(Dataset entries)
•••

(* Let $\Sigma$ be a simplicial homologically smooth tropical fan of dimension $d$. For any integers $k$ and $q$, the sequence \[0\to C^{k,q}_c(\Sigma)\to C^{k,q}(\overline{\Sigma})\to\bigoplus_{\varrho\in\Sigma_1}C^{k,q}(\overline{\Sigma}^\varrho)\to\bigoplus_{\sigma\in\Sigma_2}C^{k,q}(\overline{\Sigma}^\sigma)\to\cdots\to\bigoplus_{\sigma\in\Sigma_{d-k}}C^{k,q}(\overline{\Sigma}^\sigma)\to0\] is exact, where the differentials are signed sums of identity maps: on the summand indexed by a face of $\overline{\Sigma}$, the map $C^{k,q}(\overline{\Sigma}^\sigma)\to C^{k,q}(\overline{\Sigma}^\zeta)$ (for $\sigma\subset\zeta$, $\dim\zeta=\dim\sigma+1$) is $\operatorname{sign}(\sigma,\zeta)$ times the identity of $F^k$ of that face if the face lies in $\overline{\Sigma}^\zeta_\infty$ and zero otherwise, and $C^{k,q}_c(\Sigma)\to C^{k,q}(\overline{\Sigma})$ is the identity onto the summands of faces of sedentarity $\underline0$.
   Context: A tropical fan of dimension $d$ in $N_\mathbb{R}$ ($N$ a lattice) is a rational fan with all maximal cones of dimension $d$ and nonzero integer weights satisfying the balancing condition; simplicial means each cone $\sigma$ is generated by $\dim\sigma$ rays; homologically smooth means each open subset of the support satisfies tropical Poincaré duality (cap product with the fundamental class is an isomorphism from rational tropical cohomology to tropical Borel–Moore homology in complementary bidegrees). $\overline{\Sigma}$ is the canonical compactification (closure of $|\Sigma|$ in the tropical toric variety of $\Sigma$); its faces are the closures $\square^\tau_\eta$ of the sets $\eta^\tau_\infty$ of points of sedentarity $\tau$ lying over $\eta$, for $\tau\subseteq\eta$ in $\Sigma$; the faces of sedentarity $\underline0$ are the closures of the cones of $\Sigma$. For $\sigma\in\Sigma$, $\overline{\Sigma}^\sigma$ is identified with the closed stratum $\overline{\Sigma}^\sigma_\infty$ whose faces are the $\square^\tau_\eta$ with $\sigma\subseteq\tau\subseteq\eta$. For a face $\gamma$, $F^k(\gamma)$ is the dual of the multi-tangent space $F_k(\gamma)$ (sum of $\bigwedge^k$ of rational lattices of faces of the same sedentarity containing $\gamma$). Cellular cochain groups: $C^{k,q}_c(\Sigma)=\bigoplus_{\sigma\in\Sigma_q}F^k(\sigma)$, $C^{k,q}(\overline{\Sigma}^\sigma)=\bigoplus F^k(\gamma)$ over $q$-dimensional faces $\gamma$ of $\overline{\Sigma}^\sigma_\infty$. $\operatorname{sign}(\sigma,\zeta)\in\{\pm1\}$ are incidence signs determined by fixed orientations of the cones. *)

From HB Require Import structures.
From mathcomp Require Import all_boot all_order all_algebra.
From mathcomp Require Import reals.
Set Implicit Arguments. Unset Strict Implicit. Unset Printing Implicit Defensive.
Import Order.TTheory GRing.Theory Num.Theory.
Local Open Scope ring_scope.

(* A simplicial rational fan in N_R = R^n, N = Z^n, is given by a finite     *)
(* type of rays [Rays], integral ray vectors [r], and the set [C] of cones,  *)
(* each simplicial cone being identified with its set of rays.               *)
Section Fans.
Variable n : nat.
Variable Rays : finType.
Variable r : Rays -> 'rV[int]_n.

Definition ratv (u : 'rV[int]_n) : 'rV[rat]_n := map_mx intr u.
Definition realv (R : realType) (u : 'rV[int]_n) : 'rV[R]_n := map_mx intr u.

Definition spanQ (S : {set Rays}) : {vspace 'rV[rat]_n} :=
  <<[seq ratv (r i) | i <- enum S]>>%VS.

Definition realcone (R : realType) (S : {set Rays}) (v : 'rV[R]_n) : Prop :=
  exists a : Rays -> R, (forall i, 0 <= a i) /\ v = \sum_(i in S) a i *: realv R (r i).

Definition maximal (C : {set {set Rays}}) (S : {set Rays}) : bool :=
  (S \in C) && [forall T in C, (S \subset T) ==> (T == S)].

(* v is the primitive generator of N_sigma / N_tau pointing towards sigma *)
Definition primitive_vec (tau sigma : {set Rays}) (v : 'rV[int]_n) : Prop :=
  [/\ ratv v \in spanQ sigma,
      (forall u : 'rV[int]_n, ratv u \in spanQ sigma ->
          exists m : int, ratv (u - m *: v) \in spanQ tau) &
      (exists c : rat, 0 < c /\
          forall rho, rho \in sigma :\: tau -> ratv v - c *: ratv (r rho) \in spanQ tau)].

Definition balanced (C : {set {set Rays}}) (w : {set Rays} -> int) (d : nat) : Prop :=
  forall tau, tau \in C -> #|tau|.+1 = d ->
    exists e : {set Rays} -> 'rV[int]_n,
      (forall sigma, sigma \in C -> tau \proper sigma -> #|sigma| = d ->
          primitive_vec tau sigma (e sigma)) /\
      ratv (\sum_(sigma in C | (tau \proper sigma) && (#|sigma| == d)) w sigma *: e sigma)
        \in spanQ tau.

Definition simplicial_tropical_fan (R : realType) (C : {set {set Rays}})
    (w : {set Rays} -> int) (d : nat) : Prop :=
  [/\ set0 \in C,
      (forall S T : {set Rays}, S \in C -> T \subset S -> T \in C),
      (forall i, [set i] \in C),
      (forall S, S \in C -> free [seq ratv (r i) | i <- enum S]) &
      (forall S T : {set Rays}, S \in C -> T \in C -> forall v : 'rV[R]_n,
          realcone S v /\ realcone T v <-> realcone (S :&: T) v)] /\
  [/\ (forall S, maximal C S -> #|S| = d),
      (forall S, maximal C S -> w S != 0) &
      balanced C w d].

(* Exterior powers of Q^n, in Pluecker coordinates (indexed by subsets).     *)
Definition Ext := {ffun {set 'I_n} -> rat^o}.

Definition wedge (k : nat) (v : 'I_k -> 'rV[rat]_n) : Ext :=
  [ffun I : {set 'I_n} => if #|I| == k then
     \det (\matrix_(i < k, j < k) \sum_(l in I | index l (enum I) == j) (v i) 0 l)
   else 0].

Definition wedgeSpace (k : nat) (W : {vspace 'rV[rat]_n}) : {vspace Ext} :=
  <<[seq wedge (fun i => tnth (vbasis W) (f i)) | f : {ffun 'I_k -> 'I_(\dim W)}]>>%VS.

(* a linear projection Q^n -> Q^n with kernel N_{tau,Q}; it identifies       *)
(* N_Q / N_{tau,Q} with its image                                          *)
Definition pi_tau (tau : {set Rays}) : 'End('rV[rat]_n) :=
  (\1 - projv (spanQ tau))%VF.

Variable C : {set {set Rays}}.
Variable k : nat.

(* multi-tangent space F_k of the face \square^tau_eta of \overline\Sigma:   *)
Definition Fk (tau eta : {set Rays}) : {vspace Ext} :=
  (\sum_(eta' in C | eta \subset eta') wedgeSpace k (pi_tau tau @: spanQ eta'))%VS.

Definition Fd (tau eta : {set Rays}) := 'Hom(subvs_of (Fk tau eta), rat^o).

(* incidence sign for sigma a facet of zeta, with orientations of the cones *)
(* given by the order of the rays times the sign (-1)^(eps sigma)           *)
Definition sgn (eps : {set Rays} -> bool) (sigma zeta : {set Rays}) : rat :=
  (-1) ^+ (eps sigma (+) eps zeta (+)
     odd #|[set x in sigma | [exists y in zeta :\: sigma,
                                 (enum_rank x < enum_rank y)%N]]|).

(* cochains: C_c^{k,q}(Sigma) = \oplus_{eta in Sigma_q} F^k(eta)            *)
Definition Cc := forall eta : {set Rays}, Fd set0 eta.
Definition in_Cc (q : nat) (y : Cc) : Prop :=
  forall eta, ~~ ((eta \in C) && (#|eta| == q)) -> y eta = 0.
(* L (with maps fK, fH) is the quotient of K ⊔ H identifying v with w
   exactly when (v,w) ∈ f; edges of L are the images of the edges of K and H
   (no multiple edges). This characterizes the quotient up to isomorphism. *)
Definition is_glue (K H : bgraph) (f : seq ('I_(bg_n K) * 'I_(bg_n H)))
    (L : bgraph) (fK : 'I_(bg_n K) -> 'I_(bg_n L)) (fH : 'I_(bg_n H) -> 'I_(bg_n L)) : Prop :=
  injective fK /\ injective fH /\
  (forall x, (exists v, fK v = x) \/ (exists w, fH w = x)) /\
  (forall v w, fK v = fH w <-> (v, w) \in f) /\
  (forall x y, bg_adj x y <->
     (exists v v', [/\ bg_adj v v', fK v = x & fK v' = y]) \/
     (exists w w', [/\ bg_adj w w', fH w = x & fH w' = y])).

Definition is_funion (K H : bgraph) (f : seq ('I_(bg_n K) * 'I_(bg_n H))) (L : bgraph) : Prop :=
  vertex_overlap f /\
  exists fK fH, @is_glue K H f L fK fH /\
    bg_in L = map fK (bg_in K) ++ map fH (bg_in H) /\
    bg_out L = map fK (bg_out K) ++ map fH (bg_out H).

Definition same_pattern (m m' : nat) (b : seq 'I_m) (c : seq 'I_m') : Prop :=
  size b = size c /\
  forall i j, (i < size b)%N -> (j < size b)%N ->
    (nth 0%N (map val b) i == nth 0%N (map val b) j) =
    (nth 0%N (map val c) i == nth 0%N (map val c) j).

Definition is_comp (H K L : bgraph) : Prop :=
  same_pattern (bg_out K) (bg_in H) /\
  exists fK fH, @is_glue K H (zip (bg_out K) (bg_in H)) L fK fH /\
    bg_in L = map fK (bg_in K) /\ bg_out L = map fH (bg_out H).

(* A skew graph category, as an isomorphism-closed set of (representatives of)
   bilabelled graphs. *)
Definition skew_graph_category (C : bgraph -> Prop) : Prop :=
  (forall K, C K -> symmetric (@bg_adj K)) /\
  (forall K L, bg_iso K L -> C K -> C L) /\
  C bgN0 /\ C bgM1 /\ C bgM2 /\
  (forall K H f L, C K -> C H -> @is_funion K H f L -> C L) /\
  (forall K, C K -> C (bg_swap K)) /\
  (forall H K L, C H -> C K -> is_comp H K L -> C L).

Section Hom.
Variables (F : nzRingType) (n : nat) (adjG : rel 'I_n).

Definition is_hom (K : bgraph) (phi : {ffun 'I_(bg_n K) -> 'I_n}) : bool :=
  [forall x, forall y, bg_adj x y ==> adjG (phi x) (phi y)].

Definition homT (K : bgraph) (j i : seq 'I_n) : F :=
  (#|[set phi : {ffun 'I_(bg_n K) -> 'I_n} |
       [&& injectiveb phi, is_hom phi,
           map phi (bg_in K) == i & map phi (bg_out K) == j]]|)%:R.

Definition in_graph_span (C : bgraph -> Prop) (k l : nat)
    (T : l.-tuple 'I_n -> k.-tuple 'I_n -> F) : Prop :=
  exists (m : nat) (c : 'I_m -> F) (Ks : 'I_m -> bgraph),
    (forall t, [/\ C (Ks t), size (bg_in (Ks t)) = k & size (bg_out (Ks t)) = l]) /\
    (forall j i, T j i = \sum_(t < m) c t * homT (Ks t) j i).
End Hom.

•••

* _TASK DESCRIPTION_:
Output, from the data above, the lines from the line with "injective fK /\ injective fH /\" to the line with "size b = size c /\" exactly as they stand, both ends included and nothing else.

* _ANSWER BOX_:
  injective fK /\ injective fH /\
  (forall x, (exists v, fK v = x) \/ (exists w, fH w = x)) /\
  (forall v w, fK v = fH w <-> (v, w) \in f) /\
  (forall x y, bg_adj x y <->
     (exists v v', [/\ bg_adj v v', fK v = x & fK v' = y]) \/
     (exists w w', [/\ bg_adj w w', fH w = x & fH w' = y])).

Definition is_funion (K H : bgraph) (f : seq ('I_(bg_n K) * 'I_(bg_n H))) (L : bgraph) : Prop :=
  vertex_overlap f /\
  exists fK fH, @is_glue K H f L fK fH /\
    bg_in L = map fK (bg_in K) ++ map fH (bg_in H) /\
    bg_out L = map fK (bg_out K) ++ map fH (bg_out H).

Definition same_pattern (m m' : nat) (b : seq 'I_m) (c : seq 'I_m') : Prop :=
  size b = size c /\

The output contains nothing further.